How To Never Stop Being Sad
Written By Rory Bochner
DISCLAIMER
This essay discusses mental health and mentions suicide. It was written in an altered state of mind and the events talked about happened a long time ago, and I have gotten professional mental health help since then. Always reach out and talk to someone you trust, there are people around you who can help. You can also always contact school wellbeing for support, see your coordinator or a teacher you feel comfortable talking to.
The first time I heard the song ‘How to Never Stop Being Sad’ by dandelion hands, it was 1 am. I was in bed; in the same position, I’d been in since I got home from school. My bedside table hosted a stack of dirty plates and cups, moldy food uneaten and empty cans of energy drink collecting dust. You couldn’t see my floor for the rubbish and clothes collecting dust, unwashed for weeks. Spiders with their nests had claimed a corner of my room, spreading their silver-white webbing through my belongings that I could no longer bring myself to even go near, so it just got worse and worse. My schoolwork just kept piling up until I no longer looked at my google classroom, and ignored emails from my teachers. My life was decaying in my hands, and I let it, I almost wore it like a badge of honor, dark eyebags as an accessory, lack of sleep a competition, skipping meals an achievement.
I saw it in so many people around me, joking about overworking and not sleeping, surviving on coffee and chewing gum. Maybe it made me feel less alone, but it was far from a good feeling. It tasted bitter, lukewarm, a don’t-carish act to protect the hot shame of presenting this to the people who care about you, another missing assignment to a teacher, your parents who would give their entire lives for you, your friends who adore you and just want you to be happy. The people who have constructed and held up your life, and you dangle it in front of them, letting it fall without accepting help.

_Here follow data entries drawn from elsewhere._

(* Let $R$ be a commutative ring, $\mathcal{A}=\{L_1,\dots,L_n\}$ an arrangement of affine lines in $\mathbb{C}^2$, and $\xi=a_1e_1+\dots+a_ne_n\in A^1_R(\mathcal{A})$. If $\sum_{i=1}^n a_i\in R^\times$, then the natural map $\operatorname{Ker}\big(A^1_R(\mathcal{A})_0\xrightarrow{\xi\wedge}A^2_R(\mathcal{A})\big)\to H^1(A^\bullet_R(\mathcal{A}),\xi)$ is an isomorphism; in particular $H^1(A^\bullet_R(\mathcal{A}),\xi)\cong\operatorname{Ker}\big(A^1_R(\mathcal{A})_0\xrightarrow{\xi\wedge}A^2_R(\mathcal{A})\big)$.
   Context: The Orlik–Solomon algebra $A^*_R(\mathcal{A})$ of an arrangement $\mathcal{A}=\{L_1,\dots,L_n\}$ of affine lines in $\mathbb{C}^2$ over a commutative ring $R$ is the graded $R$-algebra with $A^0_R=R$, $A^1_R=\bigoplus_{i=1}^n R e_i$, $A^2_R=\bigwedge^2 A^1_R/I$ where $I$ is the $R$-submodule generated by (i) $e_i\wedge e_j$ for each pair of parallel lines $L_i\parallel L_j$ and (ii) $e_i\wedge e_j-e_i\wedge e_k+e_j\wedge e_k$ for each triple of lines with $L_i\cap L_j\cap L_k\neq\emptyset$, and $A^q_R=0$ for $q\ge3$. For $\xi\in A^1_R(\mathcal{A})$ the Aomoto complex $(A^\bullet_R(\mathcal{A}),\xi)$ has differential $x\mapsto\xi\wedge x$ (so $1\mapsto \xi$ in degree $0$). $A^1_R(\mathcal{A})_0=\{c_1e_1+\dots+c_ne_n\mid c_1+\dots+c_n=0\}$. *)

From HB Require Import structures.
From mathcomp Require Import all_boot all_order all_algebra.
Set Implicit Arguments. Unset Strict Implicit. Unset Printing Implicit Defensive.
Import Order.TTheory GRing.Theory Num.Theory.
Local Open Scope ring_scope.

(** Affine lines in K^2 (K a field; the paper has K = C).  Line i is
    { (x,y) | a i * x + b i * y = c i } with (a i, b i) <> (0,0). *)
Definition on_line (K : fieldType) (n : nat) (a b c : 'I_n -> K)
  (i : 'I_n) (x y : K) : Prop := a i * x + b i * y = c i.

Definition line_arrangement (K : fieldType) (n : nat) (a b c : 'I_n -> K) : Prop :=
  (forall i, (a i, b i) != (0, 0)) /\
  (forall i j, i != j -> ~ (forall x y, on_line a b c i x y <-> on_line a b c j x y)).

Definition parallel (K : fieldType) (n : nat) (a b c : 'I_n -> K) (i j : 'I_n) : Prop :=
  i != j /\ a i * b j = a j * b i.

Definition concurrent (K : fieldType) (n : nat) (a b c : 'I_n -> K) (i j k : 'I_n) : Prop :=
  [/\ i != j, i != k, j != k &
   exists x y, [/\ on_line a b c i x y, on_line a b c j x y & on_line a b c k x y]].

(** A^1_R = R^n as row vectors, basis e_i.  The exterior square of R^n is
    modelled (faithfully, as a free module) by alternating n x n matrices via
    v /\ w := v^T w - w^T v. *)
Definition e (R : comPzRingType) (n : nat) (i : 'I_n) : 'rV[R]_n := delta_mx 0 i.

Definition wedge (R : comPzRingType) (n : nat) (v w : 'rV[R]_n) : 'M[R]_n :=
  v^T *m w - w^T *m v.

(** Membership in the relation submodule I of /\^2 A^1_R (R-span of the
    generators (i) and (ii)). *)
Definition in_OS_ideal (K : fieldType) (R : comPzRingType) (n : nat)
  (a b c : 'I_n -> K) (M : 'M[R]_n) : Prop :=
  exists (p : 'I_n -> 'I_n -> R) (q : 'I_n -> 'I_n -> 'I_n -> R),
    (forall i j, ~ parallel a b c i j -> p i j = 0) /\
    (forall i j k, ~ concurrent a b c i j k -> q i j k = 0) /\
    M = \sum_i \sum_j p i j *: wedge (e R i) (e R j)
        + \sum_i \sum_j \sum_k q i j k *:
            (wedge (e R i) (e R j) - wedge (e R i) (e R k) + wedge (e R j) (e R k)).

(** x is a 1-cocycle of the Aomoto complex: xi /\ x = 0 in A^2_R. *)
Definition cocycle1 (K : fieldType) (R : comPzRingType) (n : nat)
  (a b c : 'I_n -> K) (xi x : 'rV[R]_n) : Prop :=
  in_OS_ideal a b c (wedge xi x).

Definition coboundary1 (R : comPzRingType) (n : nat) (xi x : 'rV[R]_n) : Prop :=
  exists r : R, x = r *: xi.

Definition in_A1_0 (R : comPzRingType) (n : nat) (x : 'rV[R]_n) : Prop :=
  \sum_i x 0 i = 0.

(** The natural map Ker(A^1_0 -> A^2) -> H^1(A, xi) = Ker(xi/\)/Im(xi),
    x |-> [x], is bijective (it is R-linear by construction):
    injective: a kernel element whose class vanishes is 0;
    surjective: every cocycle is cohomologous to a kernel element. *)
Definition natural_map_iso (K : fieldType) (R : comPzRingType) (n : nat)
  (a b c : 'I_n -> K) (xi : 'rV[R]_n) : Prop :=
  (forall x, in_A1_0 x -> cocycle1 a b c xi x -> coboundary1 xi x -> x = 0) /\
  (forall y, cocycle1 a b c xi y ->
     exists x, [/\ in_A1_0 x, cocycle1 a b c xi x & coboundary1 xi (y - x)]).

From HB Require Import structures.
From mathcomp Require Import all_boot all_order all_algebra.
Set Implicit Arguments. Unset Strict Implicit. Unset Printing Implicit Defensive.
Import GRing.Theory.
Local Open Scope ring_scope.

(** Let [deg : A^1_R -> R] be the augmentation map
    [sum_i c_i e_i |-> sum_i c_i], so that A^1_R(A)_0 is its kernel, and let
    [u] be an inverse of [deg xi].
    - Injectivity: a coboundary [r xi] lying in A^1_0 satisfies
      [r * deg xi = 0], hence [r = 0] because [deg xi] is a unit.
    - Surjectivity: for a cocycle [y], the element [y - (u * deg y) xi]
      lies in A^1_0, is still a cocycle since [xi /\ xi = 0], and differs
      from [y] by a coboundary. *)

Definition deg (R : comPzRingType) (n : nat) (x : 'rV[R]_n) : R :=
  \sum_i x 0 i.

Lemma degZ (R : comPzRingType) (n : nat) (r : R) (x : 'rV[R]_n) :
  deg (r *: x) = r * deg x.
Proof. by rewrite /deg mulr_sumr; apply: eq_bigr => i _; rewrite mxE. Qed.

Lemma degB (R : comPzRingType) (n : nat) (x y : 'rV[R]_n) :
  deg (x - y) = deg x - deg y.
Proof. by rewrite /deg -sumrB; apply: eq_bigr => i _; rewrite !mxE. Qed.

(** Since [v /\ v = 0], wedging with [v] ignores multiples of [v]. *)
Lemma wedge_subZ (R : comPzRingType) (n : nat) (v w : 'rV[R]_n) (t : R) :
  wedge v (w - t *: v) = wedge v w.
Proof.
have trmx_subZ : (w - t *: v)^T = w^T - t *: v^T by rewrite linearB linearZ.
rewrite /wedge trmx_subZ mulmxBl mulmxBr -scalemxAl -scalemxAr.
by rewrite opprB addrA subrK.
Qed.

Section UnitAugmentation.

Variables (K : fieldType) (R : comPzRingType) (n : nat).
Variables (a b c : 'I_n -> K) (xi : 'rV[R]_n) (u : R).
Hypothesis u_deg_xi : u * deg xi = 1.

Definition proj0 (y : 'rV[R]_n) : 'rV[R]_n := y - (u * deg y) *: xi.

Lemma proj0_in_A1_0 (y : 'rV[R]_n) : in_A1_0 (proj0 y).
Proof.
rewrite /in_A1_0 -/(deg _) /proj0 degB degZ.
by rewrite -mulrA (mulrC (deg y)) mulrA u_deg_xi mul1r subrr.
Qed.

Lemma cocycle1_proj0 (y : 'rV[R]_n) :
  cocycle1 a b c xi y -> cocycle1 a b c xi (proj0 y).
Proof. by rewrite /cocycle1 /proj0 wedge_subZ. Qed.

Lemma coboundary1_sub_proj0 (y : 'rV[R]_n) : coboundary1 xi (y - proj0 y).
Proof. by exists (u * deg y); rewrite /proj0 opprB addrC subrK. Qed.

Lemma coboundary1_A1_0_eq0 (x : 'rV[R]_n) :
  in_A1_0 x -> coboundary1 xi x -> x = 0.
Proof.
rewrite /in_A1_0 -/(deg _) => x0 [r x_def]; move: x0; rewrite x_def degZ => r_deg_xi.
by rewrite -[r]mulr1 -u_deg_xi mulrCA r_deg_xi mulr0 scale0r.
Qed.

End UnitAugmentation.

Theorem lemma2p1 (K : fieldType) (R : comPzRingType) (n : nat)
  (a b c : 'I_n -> K) (xi : 'rV[R]_n) :
  line_arrangement a b c ->
  (exists u : R, u * (\sum_i xi 0 i) = 1) ->
  natural_map_iso a b c xi.
Proof.
move=> _ [u u_deg_xi]; split=> [x x0 _|y y_cocycle].
  exact: (coboundary1_A1_0_eq0 u_deg_xi).
exists (proj0 xi u y); split.
- exact: proj0_in_A1_0.
- exact: cocycle1_proj0.
- exact: coboundary1_sub_proj0.
Qed.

When you are achingly sad so much more than you are happy, it settles into a consistent, dull ache, and you learn to find comfort in it. Find the space in your cluttered, rotting room to sleep, don’t fight it, don’t even try to be happy because happiness becomes such a raw and fragile emotion that makes returning to the deep sadness so jarring. And in the short term, the dull ache of consistency is bearable, but it slowly wears you down and down and down, until there’s nothing left. Listening to ‘How to Never Stop Being Sad’ was a sharp stab to the stomach.
‘Talk down on yourself whenever possible
My life is shit because I deserve it, right?’
‘Allow yourself to lose interest in the things you love
Watch as you begin to take a backseat
To the world around you, don't fight it
Become a secondary character in your own motion picture’
I once heard someone ask the question; do you like being sad? I don’t remember the answer or the context, but the question stuck with me, and I began really thinking about it when I heard these lyrics. No one likes being sad, or at least, I know I don’t like being sad. So why am I here, listening to sad music on purpose, letting my values and beliefs all turn cynical?. I haven’t talked to my best friend in days, I force myself to stay awake later and later, ignoring the aching in my red eyes staring at the blue light from my phone screen. I no longer try to distract myself when tears start falling, just letting the salt drip down my cracked and bleeding lips, down my throat. 20% of teens experience depression, and 10 – 15% suffer from symptoms at any one time.
Depression is an invisible battle, and it’s impossible to just decide to stop being sad, but I think ‘How to Never Stop Being Sad’ shines a harsh light on the mindset that has grown so popular in the teens and young adults around us. You’re not working hard enough if you’re not in pain, everyone has it worse than you so just shut up and ignore your problems, right? Mental illness becomes a competition; who’s hurting themselves more, who’s sadder, who’s dying faster?
I get really unfairly angry and upset when people are so self-deprecating, and I know my anger is just a reflection of myself. I bury it deep because facing up to it means that I can no longer sit here passively and watch my life sink and tell myself that I deserve it. It means that I have to take my heart out of its casing, and actually work to be happy. Earlier this year everything became too much for me, the ache grew too big and too consistent, my thoughts, my anxiety, my sadness and my guilt grew too much, and one afternoon, I sat on the train platform, lights too bright and head too heavy, waiting for a train to come, and for me to fall in front, and fade away.
But of course, there is no way for you to just fade away. The roots of your life are spread deep, even if you can’t see them. How can you just leave without saying anything to the people who love you? So, I am still here. Because I still have things to say to people. Until I can live for myself, I have people to live for. At first, I felt completely trapped. I felt as though I had no life here, I’d ruined everything, but I couldn’t die and leave my friends and family with the guilt, because none of it is their fault. Most of all, I wanted to protect my little brother. I want to see him grow up, live his full life, protect him from ending up like me. So what choice do I have but to live? Trying to fix the hardwired mindset of self-loathing I’d settled into was hard. It’s a literal battle of fighting the thoughts as they come up, stop making the self-deprecating jokes, do tiny acts of self-care, take sadness out of your personality. In the most cheesy phrasing possible, it’s waking up and choosing to be kind to yourself. And eventually, maybe it will hurt less.